* _WORK INSTRUCTIONS_: From the records below, copy the lines that include "Implicit".

(Stored records)

(* For any graph $G$ of order $n$ and maximum degree $\Delta=\Delta(G)\ge 2$, $$\left\lceil \frac{2n}{\Delta}\right\rceil\le \gamma_{qtR}(G)\le n-\Delta(G)+2.$$
   Context: All graphs are finite, simple and undirected. For $f:V(G)\to\{0,1,2\}$ write $V_i=\{v:f(v)=i\}$; weight $\omega(f)=|V_1|+2|V_2|$. A quasi-total Roman dominating function (QTRDF) is an $f$ such that every vertex labeled $0$ is adjacent to a vertex labeled $2$, and every vertex isolated in the subgraph induced by $V_1\cup V_2$ has label $1$; $\gamma_{qtR}(G)$ is the minimum weight of a QTRDF. *)

From mathcomp Require Import all_boot all_order.
Set Implicit Arguments. Unset Strict Implicit. Unset Printing Implicit Defensive.

(* A finite simple graph: vertex type T : finType, adjacency e : rel T,
   required (in the theorem) to be symmetric and irreflexive. *)

Definition neighbours (T : finType) (e : rel T) (x : T) : {set T} :=
  [set y | e x y].

Definition deg (T : finType) (e : rel T) (x : T) : nat := #|neighbours e x|.

(* maximum degree Delta(G) (0 for the empty graph) *)
Definition maxdeg (T : finType) (e : rel T) : nat := \max_(x : T) deg e x.

Definition weight (T : finType) (f : {ffun T -> 'I_3}) : nat :=
  \sum_(v : T) (f v : nat).

Definition is_qtrdf (T : finType) (e : rel T) (f : {ffun T -> 'I_3}) : bool :=
  [forall v, ((f v : nat) == 0) ==> [exists u, e v u && ((f u : nat) == 2)]]
  && [forall v, (((f v : nat) != 0) && [forall u, e v u ==> ((f u : nat) == 0)])
                 ==> ((f v : nat) == 1)].

(* gamma_qtR(G): minimum weight of a QTRDF.  The constant function 1 is always
   a QTRDF of weight |V| <= 2|V|, so the default 2|V| never matters. *)
Definition gamma_qtR (T : finType) (e : rel T) : nat :=
  \big[minn/(#|T|).*2]_(f : {ffun T -> 'I_3} | is_qtrdf e f) weight f.

From mathcomp Require Import all_boot all_order.
From mathcomp Require Import zify.
Import Order.TTheory.

Set Implicit Arguments.
Unset Strict Implicit.
Unset Printing Implicit Defensive.

(* Lower bound: every vertex labelled 0 has a neighbour labelled 2, and a
   vertex labelled 2 is not isolated in V1 u V2, so it has at most Delta - 1
   neighbours labelled 0.  Hence |V0| <= (Delta - 1) |V2| and
   2n = 2(|V0| + |V1| + |V2|) <= Delta (|V1| + 2|V2|).
   Upper bound: label a vertex x of maximum degree 2, all its neighbours but
   one 0, and every other vertex 1. *)

Lemma sum_nat_mem (T : finType) (A : {set T}) : \sum_v (v \in A : nat) = #|A|.
Proof. by rewrite -sum1_card [RHS]big_mkcond; apply: eq_bigr => v _; case: (v \in A). Qed.

Lemma card_le_sum_card_rel (I J : finType) (r : I -> J -> bool)
    (X : {set I}) (Y : {set J}) :
  {in X, forall x, exists2 y, y \in Y & r x y} ->
  #|X| <= \sum_(y in Y) #|[set x in X | r x y]|.
Proof.
move=> covX; rewrite -sum1_card.
under [X in _ <= X]eq_bigr => y _ do rewrite -sum1dep_card big_mkcondr.
rewrite exchange_big /=; apply: leq_sum => x /covX [y Yy rxy].
by rewrite (bigD1 y) //= rxy.
Qed.

Lemma ceil_divn_leq a b d : 0 < d -> a <= d * b -> (a + d - 1) %/ d <= b.
Proof. by move=> d_gt0 le_ab; rewrite -ltnS ltn_divLR //; lia. Qed.

Section QuasiTotalRomanDomination.

Variables (T : finType) (e : rel T).
Hypotheses (e_sym : symmetric e) (e_irr : irreflexive e).

Lemma deg_le_maxdeg x : deg e x <= maxdeg e.
Proof. exact: (@leq_bigmax _ (deg e) x). Qed.

Lemma maxdeg_attained : 0 < maxdeg e -> exists x, deg e x = maxdeg e.
Proof.
move=> maxdeg_gt0; have [x _|T0] := pickP (@predT T).
  have T_gt0 : 0 < #|T| by apply/card_gt0P; exists x.
  by have [z maxE] := bigop.eq_bigmax (deg e) T_gt0; exists z; rewrite /maxdeg maxE.
by move: maxdeg_gt0; rewrite /maxdeg big_pred0.
Qed.

Lemma gamma_qtR_le_weight f : is_qtrdf e f -> gamma_qtR e <= weight f.
Proof. by move=> qf; rewrite /gamma_qtR -minEnat -leEnat; apply: bigmin_le_cond. Qed.

Lemma gamma_qtR_ge m :
  m <= #|T|.*2 -> (forall f, is_qtrdf e f -> m <= weight f) -> m <= gamma_qtR e.
Proof. by move=> m_le lb; rewrite /gamma_qtR -minEnat -leEnat; apply: le_bigmin. Qed.

Definition labelled (f : {ffun T -> 'I_3}) (i : nat) : {set T} :=
  [set v | f v == i :> nat].

Lemma card_labelled f :
  #|T| = #|labelled f 0| + #|labelled f 1| + #|labelled f 2|.
Proof.
rewrite -!sum_nat_mem -sum1_card -!big_split; apply: eq_bigr => v _.
by rewrite !inE; case: (f v) => [[|[|[|k]]] //=].
Qed.

Lemma weight_labelled f : weight f = #|labelled f 1| + #|labelled f 2|.*2.
Proof.
rewrite /weight -!sum_nat_mem -muln2 big_distrl -big_split; apply: eq_bigr => v _.
by rewrite !inE; case: (f v) => [[|[|[|k]]] //=].
Qed.

Section QTRDF.

Variable f : {ffun T -> 'I_3}.
Hypothesis qf : is_qtrdf e f.

Lemma qtrdf_label0_nbr v :
  v \in labelled f 0 -> exists2 u, u \in labelled f 2 & e v u.
Proof.
case/andP: qf => /forallP/(_ v) + _; rewrite inE => /implyP dom /dom.
by case/existsP => u /andP [evu fu2]; exists u; rewrite ?inE.
Qed.

Lemma qtrdf_label2_nbr u :
  u \in labelled f 2 -> exists2 w, e u w & w \notin labelled f 0.
Proof.
rewrite inE => /eqP fu2; case/andP: qf => _ /forallP/(_ u)/implyP.
rewrite fu2 /= => not_isolated.
have /forallPn [w] : ~~ [forall w, e u w ==> ((f w : nat) == 0)].
  by apply/negP => /not_isolated.
by rewrite negb_imply => /andP [euw fw0]; exists w; rewrite ?inE.
Qed.

Lemma qtrdf_card_label0_nbr u :
  u \in labelled f 2 -> #|[set v in labelled f 0 | e v u]| <= (maxdeg e).-1.
Proof.
case/qtrdf_label2_nbr => w euw fw0.
have sub : [set v in labelled f 0 | e v u] \subset neighbours e u :\ w.
  apply/subsetP => v; rewrite !inE => /andP [fv0 evu].
  by rewrite e_sym evu andbT; apply: contraTneq fv0 => ->; rewrite inE in fw0.
have := cardsD1 w (neighbours e u); rewrite inE euw -/(deg e u).
have := deg_le_maxdeg u; have := subset_leq_card sub; lia.
Qed.

Lemma qtrdf_card_label0 :
  #|labelled f 0| <= #|labelled f 2| * (maxdeg e).-1.
Proof.
apply: leq_trans (card_le_sum_card_rel qtrdf_label0_nbr) _.
by rewrite -sum_nat_const; apply: leq_sum => u; apply: qtrdf_card_label0_nbr.
Qed.

Lemma qtrdf_weight_lb : 2 <= maxdeg e -> #|T|.*2 <= maxdeg e * weight f.
Proof.
move=> maxdeg_ge2; have := qtrdf_card_label0.
rewrite (card_labelled f) weight_labelled; nia.
Qed.

End QTRDF.

Definition star_labelling (x y : T) : {ffun T -> 'I_3} :=
  [ffun v => inord (if v == x then 2 else if e x v && (v != y) then 0 else 1)].

Lemma star_labellingE x y v : (star_labelling x y v : nat) =
  if v == x then 2 else if e x v && (v != y) then 0 else 1.
Proof. by rewrite ffunE inordK; case: ifP => // _; case: ifP. Qed.

Lemma star_labelling_qtrdf x y : e x y -> is_qtrdf e (star_labelling x y).
Proof.
move=> exy; have y_neq_x : y != x by apply: contraTneq exy => ->; rewrite e_irr.
apply/andP; split; apply/forallP => v; apply/implyP; rewrite !star_labellingE.
  case: (eqVneq v x) => // _; case: ifP => // /andP [exv _] _.
  by apply/existsP; exists x; rewrite e_sym exv star_labellingE eqxx.
case: (eqVneq v x) => [->|_]; last by case: ifP.
case/andP=> _ /forallP/(_ y)/implyP/(_ exy).
by rewrite star_labellingE (negbTE y_neq_x) exy eqxx.
Qed.

Lemma weight_star_labelling x y :
  e x y -> weight (star_labelling x y) = #|T| - deg e x + 2.
Proof.
move=> exy.
have : weight (star_labelling x y) + #|neighbours e x :\ y| = #|T| + #|[set x]|.
  rewrite /weight -!sum_nat_mem -sum1_card -!big_split; apply: eq_bigr => v _ /=.
  rewrite star_labellingE !inE.
  by case: (eqVneq v x) => [->|_]; [rewrite e_irr andbF | case: (e x v); case: (v == y)].
(* deg e x <= #|T| keeps the truncated subtraction exact. *)
rewrite cards1; have := max_card (neighbours e x).
have := cardsD1 y (neighbours e x); rewrite inE exy -/(deg e x); lia.
Qed.

End QuasiTotalRomanDomination.

Theorem mainTheorem6 (T : finType) (e : rel T)
  (e_sym : symmetric e) (e_irr : irreflexive e) :
  2 <= maxdeg e ->
  (#|T|.*2 + maxdeg e - 1) %/ maxdeg e <= gamma_qtR e /\
  gamma_qtR e <= #|T| - maxdeg e + 2.
Proof.
move=> maxdeg_ge2; have maxdeg_gt0 : 0 < maxdeg e by lia.
split.
  apply: gamma_qtR_ge => [|f qf]; apply: ceil_divn_leq => //.
    by rewrite leq_pmull.
  exact: qtrdf_weight_lb.
have [x deg_x] := maxdeg_attained maxdeg_gt0.
have [y] : exists y, y \in neighbours e x by apply/card_gt0P; rewrite -/(deg e x) deg_x.
rewrite inE => exy.
rewrite -deg_x -(weight_star_labelling e_irr exy).
exact/gamma_qtR_le_weight/star_labelling_qtrdf.
Qed.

* _EXERCISE RESPONSE_:
Set Implicit Arguments. Unset Strict Implicit. Unset Printing Implicit Defensive.
Set Implicit Arguments.
Unset Strict Implicit.
Unset Printing Implicit Defensive.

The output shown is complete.